More on these themes next week….

Next week: The “new, new normal”

 

 

Social Distancing in Victorian Melbourne…

At the time of writing Victorians, like most of Australia, are living under a Covid19 “stay at home and practise social distancing” regime in attempt to “flatten the curve” and reduce the spread of this contagion. I have been working from home for 3 weeks, only going out for essential food shopping and a daily walk for exercise (since my gym is closed). This perambulation has revealed some lesser-seen aspects of Melbourne (apart from the empty streets), including the way the modern city’s 19th century founders went about their approach to urban design – including some examples of built-in social distancing.

The first example is the number of public parks and gardens close to the CBD that were established in the 1800s, and which have managed to survive the onslaught of developers. As we know, public parks, with their trees and green spaces act as the lungs of the city, and provide a place to exercise, relax and get some fresh air. So we need these facilities more than ever in times like these. (Strange why the Victorian Government still insists in allowing vehicles to use the culturally and historically significant Yarra Park as a public car park on so many days, with all the horticultural and environmental damage that this causes…)

Second, the decision to incorporate lane-ways into the grid design of the CBD, as well as throughout the 19th century expansion of the inner city suburbs. While their design was mainly pragmatic (ease of access for night carts, storm drainage), the result is that in densely-built areas such as Richmond, Carlton, East Melbourne, Fitzroy and Collingwood, lane-ways mean even terraced houses can have ample space between them and the next block, allowing for better ventilation, natural light and reduced risk of disease. (For an example of the lane-ways importance to Melbourne’s character and psyche, check out Daniel Crooks’ video, “An Embroidery of Voids”.)
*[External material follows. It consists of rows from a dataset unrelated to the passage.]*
Lemma LimSup_le_of_bound (u : nat -> R) (c d : R) :
  (forall n, (1 <= n)%nat -> u n <= c + d / INR n) ->
  Rbar_le (LimSup_seq u) (Finite c).
Proof.
  intros H.
  assert (Hlim : is_lim_seq (fun n => c + d * / INR n) (c + d * 0)).
  { apply is_lim_seq_plus'; [apply is_lim_seq_const|].
    apply (is_lim_seq_scal_l _ d (Finite 0)).
    replace (Finite 0) with (Rbar_inv p_infty) by reflexivity.
    apply is_lim_seq_inv; [apply is_lim_seq_INR|discriminate]. }
  rewrite Rmult_0_r, Rplus_0_r in Hlim.
  apply is_lim_LimSup_seq, is_LimSup_seq_unique in Hlim.
  rewrite <- Hlim. apply LimSup_le. exists 1%nat. exact H.
Qed.

Section DriftTheorem.
Context {St : Type} (step : nat -> St -> list (R * St)) (I : St -> Prop).
Hypothesis step_closed :
  forall t s, I s -> forall x, In x (step t s) -> 0 <= fst x /\ I (snd x).
Hypothesis step_mass : forall t s, I s -> wsum (step t s) (fun _ => 1) = 1.

Definition expect_sum (g : St -> R) (n t : nat) (s : St) : R :=
  fold_right Rplus 0 (map (fun k => expect step k t s g) (seq 0 n)).

Lemma expect_S n t s f :
  expect step (S n) t s f = wsum (step t s) (fun s' => expect step n (S t) s' f).
Proof. reflexivity. Qed.

Lemma expect_sum_S g n t s :
  expect_sum g (S n) t s = g s + wsum (step t s) (expect_sum g n (S t)).
Proof.
  unfold expect_sum. simpl. f_equal.
  rewrite <- seq_shift, map_map.
  exact (wsum_sum (step t s) (fun k s' => expect step k (S t) s' g) (seq 0 n)).
Qed.

Lemma expect_nonneg f :
  (forall s, I s -> 0 <= f s) -> forall n t s, I s -> 0 <= expect step n t s f.
Proof.
  intros Hf n. induction n as [|n IH]; intros t s Hs; [exact (Hf s Hs)|].
  rewrite expect_S.
  apply Rle_trans with (wsum (step t s) (fun _ => 0)).
  - rewrite wsum_const. lra.
  - apply wsum_le. intros x Hx. destruct (step_closed t s Hs x Hx).
    split; [|apply IH]; assumption.
Qed.

Variables (Phi g : St -> R) (K eps : R).
Hypothesis drift : forall t s, I s -> wsum (step t s) Phi <= Phi s + K - eps * g s.

Lemma drift_expect_sum n t s :
  I s -> eps * expect_sum g n t s + expect step n t s Phi <= Phi s + INR n * K.
Proof.
  revert t s. induction n as [|n IH]; intros t s Hs.
  - unfold expect_sum; simpl. lra.
  - rewrite expect_sum_S, expect_S, S_INR.
    assert (Hstep : wsum (step t s)
                      (fun s' => eps * expect_sum g n (S t) s' + expect step n (S t) s' Phi)
                    <= wsum (step t s) (fun s' => Phi s' + INR n * K)).
    { apply wsum_le. intros x Hx. destruct (step_closed t s Hs x Hx).
      split; [|apply IH]; assumption. }
    rewrite wsum_plus, wsum_scal in Hstep.
    rewrite wsum_plus, wsum_const, step_mass in Hstep by exact Hs.
    pose proof (drift t s Hs). lra.
Qed.

Hypothesis eps_pos : 0 < eps.
Hypothesis Phi_nonneg : forall s, I s -> 0 <= Phi s.

Theorem LimSup_time_avg_le s0 :
  I s0 -> Rbar_le (LimSup_seq (time_avg (fun n => expect step n 0 s0 g)))
                  (Finite (K / eps)).
Proof.
  intros Hs0. apply LimSup_le_of_bound with (d := Phi s0 / eps). intros n Hn.
  change (/ INR n * expect_sum g n 0 s0 <= K / eps + Phi s0 / eps / INR n).
  pose proof (drift_expect_sum n 0 s0 Hs0).
  pose proof (expect_nonneg Phi Phi_nonneg n 0 s0 Hs0).
  assert (Hn_pos : 0 < INR n) by (apply lt_0_INR; lia).
  assert (Hsum : expect_sum g n 0 s0 <= (Phi s0 + INR n * K) / eps).
  { apply Rmult_le_reg_l with eps; [exact eps_pos|]. field_simplify; lra. }
  apply Rle_trans with (/ INR n * ((Phi s0 + INR n * K) / eps)).
  - apply Rmult_le_compat_l; [left; apply Rinv_0_lt_compat|]; assumption.
  - right. field. lra.
Qed.

End DriftTheorem.

Definition b2r (b : bool) : R := if b then 1 else 0.

Definition backlog {X Y : Type} (s : nat * X * Y) : R := let '(Q, _, _) := s in INR Q.

Lemma sq_backlog_next_le Q a1 b1 :
  INR ((Q - Nat.b2n b1) + Nat.b2n a1) ^ 2 / 2 <=
  INR Q ^ 2 / 2 + INR Q * (b2r a1 - b2r b1) + 1 / 2.
Proof.
  pose proof (pos_INR Q).
  destruct a1, b1, Q as [|q]; unfold b2r; simpl Nat.b2n;
    rewrite ?Nat.sub_0_r, ?Nat.add_0_r; simpl Nat.sub;
    rewrite ?Nat.sub_0_r, ?plus_INR, ?S_INR; simpl INR; nra.
Qed.

Lemma Hn_cases B : Hn B = 0%nat \/ Hn B = 1%nat.
Proof. unfold Hn. destruct (Nat.ltb 0 B); auto. Qed.

(* Truncated subtraction is harmless here: H * b2 * A <= A < A + 1. *)
Lemma INR_aoi_next A B b2 :
  INR (A + 1 - Hn B * Nat.b2n b2 * A) = INR A + 1 - INR (Hn B) * b2r b2 * INR A.
Proof.
  destruct (Hn_cases B) as [-> | ->], b2; unfold b2r; simpl Nat.b2n;
    [replace (A + 1 - 0 * 1 * A)%nat with (A + 1)%nat by lia
    |replace (A + 1 - 0 * 0 * A)%nat with (A + 1)%nat by lia
    |replace (A + 1 - 1 * 1 * A)%nat with 1%nat by lia
    |replace (A + 1 - 1 * 0 * A)%nat with (A + 1)%nat by lia];
    rewrite ?plus_INR; simpl; ring.
Qed.

Lemma bern_nonneg p b : 0 <= p <= 1 -> 0 <= bern p b.
Proof. destruct b; simpl; lra. Qed.

Lemma p2_bounds p22 p212 u : 0 <= p22 <= 1 -> 0 <= p212 <= 1 -> 0 <= p2 p22 p212 u <= 1.
Proof. destruct u as [[|] [|]]; simpl; lra. Qed.

Section Model.
Variables (lam delta p11 p22 p112 p212 : R) (pj : bool -> bool -> R).
Hypotheses (lam_prob : 0 <= lam <= 1) (delta_prob : 0 <= delta <= 1)
  (p11_prob : 0 <= p11 <= 1) (p22_prob : 0 <= p22 <= 1) (p212_prob : 0 <= p212 <= 1)
  (pj_nonneg : forall b1 b2, 0 <= pj b1 b2)
  (pj_mass : pj true true + pj true false + pj false true + pj false false = 1)
  (pj_marg1 : pj true true + pj true false = p112)
  (pj_marg2 : pj true true + pj false true = p212).

Definition slot_law (u : decision) : list (R * (bool * bool * bool * bool)) :=
  map (fun o => (slot_prob lam delta p11 p22 pj u o, o)) outcomes.

Lemma slot_prob_nonneg u o : 0 <= slot_prob lam delta p11 p22 pj u o.
Proof.
  destruct o as [[[a1 a2] b1] b2]. unfold slot_prob.
  apply Rmult_le_pos; [apply Rmult_le_pos; apply bern_nonneg; assumption|].
  destruct u as [[|] [|]], b1, b2; simpl;
    solve [lra | apply pj_nonneg | apply bern_nonneg; assumption].
Qed.

Lemma slot_law_le u F G :
  (forall o, F o <= G o) -> wsum (slot_law u) F <= wsum (slot_law u) G.
Proof.
  intros HFG. apply wsum_le. intros x Hx. unfold slot_law in Hx.
  apply in_map_iff in Hx. destruct Hx as [o [<- _]].
  split; [apply slot_prob_nonneg|apply HFG].
Qed.

(* Affine functions of the outcome only see the marginals of the coupling pj. *)
Lemma slot_law_affine u c x y z :
  wsum (slot_law u) (fun o => let '(a1, _, b1, b2) := o in
                              c + x * b2r a1 + y * b2r b1 + z * b2r b2) =
  c + x * lam + y * p1 p11 p112 u + z * p2 p22 p212 u.
Proof.
  rewrite <- pj_marg1, <- pj_marg2.
  assert (E : pj false false = 1 - pj true true - pj true false - pj false true) by lra.
  destruct u as [[|] [|]]; unfold slot_law, wsum; simpl; rewrite ?E; ring.
Qed.

Lemma slot_law_mass u : wsum (slot_law u) (fun _ => 1) = 1.
Proof.
  transitivity (1 + 0 * lam + 0 * p1 p11 p112 u + 0 * p2 p22 p212 u); [|ring].
  rewrite <- slot_law_affine. unfold slot_law, wsum; simpl. ring.
Qed.

Section AoIAlgorithm.
Variables (V eps : R) (pol : nat -> nat -> nat -> nat -> decision).
Hypotheses (eps_le : eps <= p11 - lam)
  (pol_max : aoi_maximizer p11 p22 p112 p212 V pol).

Definition aoi_lyap (s : nat * nat * nat) : R :=
  let '(Q, _, A) := s in INR Q ^ 2 / 2 + V * INR A.

Lemma aoi_obj_ge_solo t Q B A :
  p11 * INR Q <= aoi_obj p11 p22 p112 p212 V Q B A (pol t Q B A).
Proof.
  eapply Rle_trans; [|apply (pol_max t Q B A (true, false))].
  unfold aoi_obj; simpl. right; ring.
Qed.

Lemma aoi_step_mean t Q B A F :
  wsum (aoi_step lam delta p11 p22 pj pol t (Q, B, A)) F =
  wsum (slot_law (pol t Q B A)) (fun o => F (aoi_next (pol t Q B A) (Q, B, A) o)).
Proof. apply wsum_map_snd. Qed.

Lemma aoi_drift t s :
  wsum (aoi_step lam delta p11 p22 pj pol t s) aoi_lyap <=
  aoi_lyap s + ((lam ^ 2 + 1) / 2 + V) - eps * backlog s.
Proof.
  destruct s as [[Q B] A]. rewrite aoi_step_mean.
  set (u := pol t Q B A).
  assert (Hmean := slot_law_affine u (INR Q ^ 2 / 2 + V * INR A + 1 / 2 + V)
                     (INR Q) (- INR Q) (- (V * INR (Hn B) * INR A))).
  assert (Hle : wsum (slot_law u) (fun o => aoi_lyap (aoi_next u (Q, B, A) o)) <=
                wsum (slot_law u) (fun o => let '(a1, _, b1, b2) := o in
                  INR Q ^ 2 / 2 + V * INR A + 1 / 2 + V + INR Q * b2r a1
                  + - INR Q * b2r b1 + - (V * INR (Hn B) * INR A) * b2r b2)).
  { apply slot_law_le. intros [[[a1 a2] b1] b2]. unfold aoi_next, aoi_lyap.
    rewrite INR_aoi_next. pose proof (sq_backlog_next_le Q a1 b1). lra. }
  pose proof (aoi_obj_ge_solo t Q B A) as Hsolo. fold u in Hsolo.
  unfold aoi_obj in Hsolo.
  change (aoi_lyap (Q, B, A)) with (INR Q ^ 2 / 2 + V * INR A).
  change (backlog (Q, B, A)) with (INR Q).
  assert (eps * INR Q <= (p11 - lam) * INR Q)
    by (apply Rmult_le_compat_r; [apply pos_INR|exact eps_le]).
  pose proof (pow2_ge_0 lam). nra.
Qed.

End AoIAlgorithm.

Section PeakAoIAlgorithm.
Variables (V amax eps : R) (pol : nat -> nat -> nat -> R -> decision).
Hypotheses (eps_le : eps <= p11 - lam)
  (pol_max : peak_maximizer p11 p22 p112 p212 pol).

Definition Z_bounded (s : nat * nat * R) : Prop :=
  let '(_, _, Z) := s in 0 <= Z <= V + amax.

Lemma peak_step_closed t s x :
  Z_bounded s -> In x (peak_step lam delta p11 p22 amax V pj pol t s) ->
  0 <= fst x /\ Z_bounded (snd x).
Proof.
  intros HZ Hx. destruct s as [[Q B] Z]. unfold peak_step in Hx.
  apply in_map_iff in Hx. destruct Hx as [[[[a1 a2] b1] b2] [<- _]].
  split; [apply slot_prob_nonneg|]. simpl in HZ |- *.
  assert (0 <= INR (Hn B) * INR (Nat.b2n b2)) by (apply Rmult_le_pos; apply pos_INR).
  split; [apply Rmax_r|]. apply Rmax_lub; [|lra].
  unfold alpha. destruct (Rle_dec Z V); lra.
Qed.

Lemma peak_obj_ge_solo t Q B Z :
  0 <= Z <= V + amax ->
  p11 * INR Q <= INR Q * p1 p11 p112 (pol t Q B Z) + (V + amax).
Proof.
  intros HZ.
  pose proof (pol_max t Q B Z (true, false)) as Hsolo. unfold peak_obj in Hsolo.
  simpl p1 in Hsolo; simpl p2 in Hsolo.
  pose proof (p2_bounds p22 p212 (pol t Q B Z) p22_prob p212_prob).
  assert (Z * INR (Hn B) * p2 p22 p212 (pol t Q B Z) <= V + amax).
  { destruct (Hn_cases B) as [-> | ->]; simpl INR; nra. }
  lra.
Qed.

Lemma peak_step_mean t Q B Z F :
  wsum (peak_step lam delta p11 p22 amax V pj pol t (Q, B, Z)) F =
  wsum (slot_law (pol t Q B Z))
       (fun o => F (peak_next amax V (pol t Q B Z) (Q, B, Z) o)).
Proof. apply wsum_map_snd. Qed.

Lemma peak_drift t s :
  Z_bounded s ->
  wsum (peak_step lam delta p11 p22 amax V pj pol t s) (fun s => backlog s ^ 2 / 2) <=
  backlog s ^ 2 / 2 + ((amax ^ 2 + lam ^ 2 + 2) / 2 + V) - eps * backlog s.
Proof.
  intros HZ. destruct s as [[Q B] Z]. rewrite peak_step_mean.
  set (u := pol t Q B Z).
  assert (Hmean := slot_law_affine u (INR Q ^ 2 / 2 + 1 / 2) (INR Q) (- INR Q) 0).
  assert (Hle : wsum (slot_law u)
                  (fun o => backlog (peak_next amax V u (Q, B, Z) o) ^ 2 / 2) <=
                wsum (slot_law u) (fun o => let '(a1, _, b1, b2) := o in
                  INR Q ^ 2 / 2 + 1 / 2 + INR Q * b2r a1 + - INR Q * b2r b1 + 0 * b2r b2)).
  { apply slot_law_le. intros [[[a1 a2] b1] b2]. unfold peak_next, backlog.
    pose proof (sq_backlog_next_le Q a1 b1). lra. }
  pose proof (peak_obj_ge_solo t Q B Z HZ) as Hsolo. fold u in Hsolo.
  change (backlog (Q, B, Z)) with (INR Q).
  assert (eps * INR Q <= (p11 - lam) * INR Q)
    by (apply Rmult_le_compat_r; [apply pos_INR|exact eps_le]).
  pose proof (pow2_ge_0 lam). pose proof (pow2_ge_0 (amax - 1)). nra.
Qed.

End PeakAoIAlgorithm.

End Model.

Theorem lemma4
  (lam delta p11 p22 p112 p212 V amax eps : R) (pj : bool -> bool -> R)
  (A0 : nat)
  (pol_aoi : nat -> nat -> nat -> nat -> decision)
  (pol_peak : nat -> nat -> nat -> R -> decision) :
  0 <= lam <= 1 -> 0 <= delta <= 1 ->
  0 <= p11 <= 1 -> 0 <= p22 <= 1 -> 0 <= p112 <= 1 -> 0 <= p212 <= 1 ->
  (forall b1 b2, 0 <= pj b1 b2) ->
  pj true true + pj true false + pj false true + pj false false = 1 ->
  pj true true + pj true false = p112 ->
  pj true true + pj false true = p212 ->
  lam < p11 ->
  0 < V -> 0 <= amax ->
  0 < eps -> eps <= Rmin (p11 - lam) (delta * p212) ->
  aoi_maximizer p11 p22 p112 p212 V pol_aoi ->
  peak_maximizer p11 p22 p112 p212 pol_peak ->
  Rbar_le (LimSup_seq (time_avg (EQ_aoi lam delta p11 p22 pj pol_aoi A0)))
          (Finite (((lam ^ 2 + 1) / 2 + V) / eps)) /\
  Rbar_le (LimSup_seq (time_avg (EQ_peak lam delta p11 p22 amax V pj pol_peak)))
          (Finite (((amax ^ 2 + lam ^ 2 + 2) / 2 + V) / eps)).
Proof.
  intros Hlam Hdel Hp11 Hp22 _ Hp212 Hpj Hmass Hm1 Hm2 _ HV Hamax Heps Heps_min
    Hmax_aoi Hmax_peak.
  assert (Heps_le : eps <= p11 - lam) by exact (Rle_trans _ _ _ Heps_min (Rmin_l _ _)).
  split.
  - apply LimSup_time_avg_le with (I := fun _ => True) (Phi := aoi_lyap V); auto.
    + intros t [[Q B] A] _ x Hx. unfold aoi_step in Hx. apply in_map_iff in Hx.
      destruct Hx as [o [<- _]]. split; [apply slot_prob_nonneg|]; auto.
    + intros t [[Q B] A] _. rewrite aoi_step_mean. apply (slot_law_mass _ _ _ _ p112 p212); auto.
    + intros t s _. apply (aoi_drift _ _ _ _ p112 p212); auto.
    + intros [[Q B] A] _. simpl. pose proof (pos_INR Q); pose proof (pos_INR A). nra.
  - apply LimSup_time_avg_le
      with (I := Z_bounded V amax) (Phi := fun s => backlog s ^ 2 / 2); auto.
    + intros t s HZ x Hx. eapply peak_step_closed; [..|exact HZ|exact Hx]; auto.
    + intros t [[Q B] Z] _. rewrite peak_step_mean. apply (slot_law_mass _ _ _ _ p112 p212); auto.
    + intros t s HZ. apply (peak_drift _ _ _ _ p112 p212); auto.
    + intros s _. pose proof (pow2_ge_0 (backlog s)). lra.
    + simpl. lra.
Qed.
Third, the decision not to build right up to the urban banks of the Yarra River (and the straightening and leveling of the river itself) has left them accessible to the public, both as a means of cycling and walking to/from work, and for recreational purposes. In many cities, riverfront access has largely been blocked off as adjacent land has been appropriated for private, commercial and industrial use.

At a time like this, I truly appreciate the foresight of Melbourne’s Victorian town planners – I just hope we can continue to enjoy their legacy in the coming weeks and months!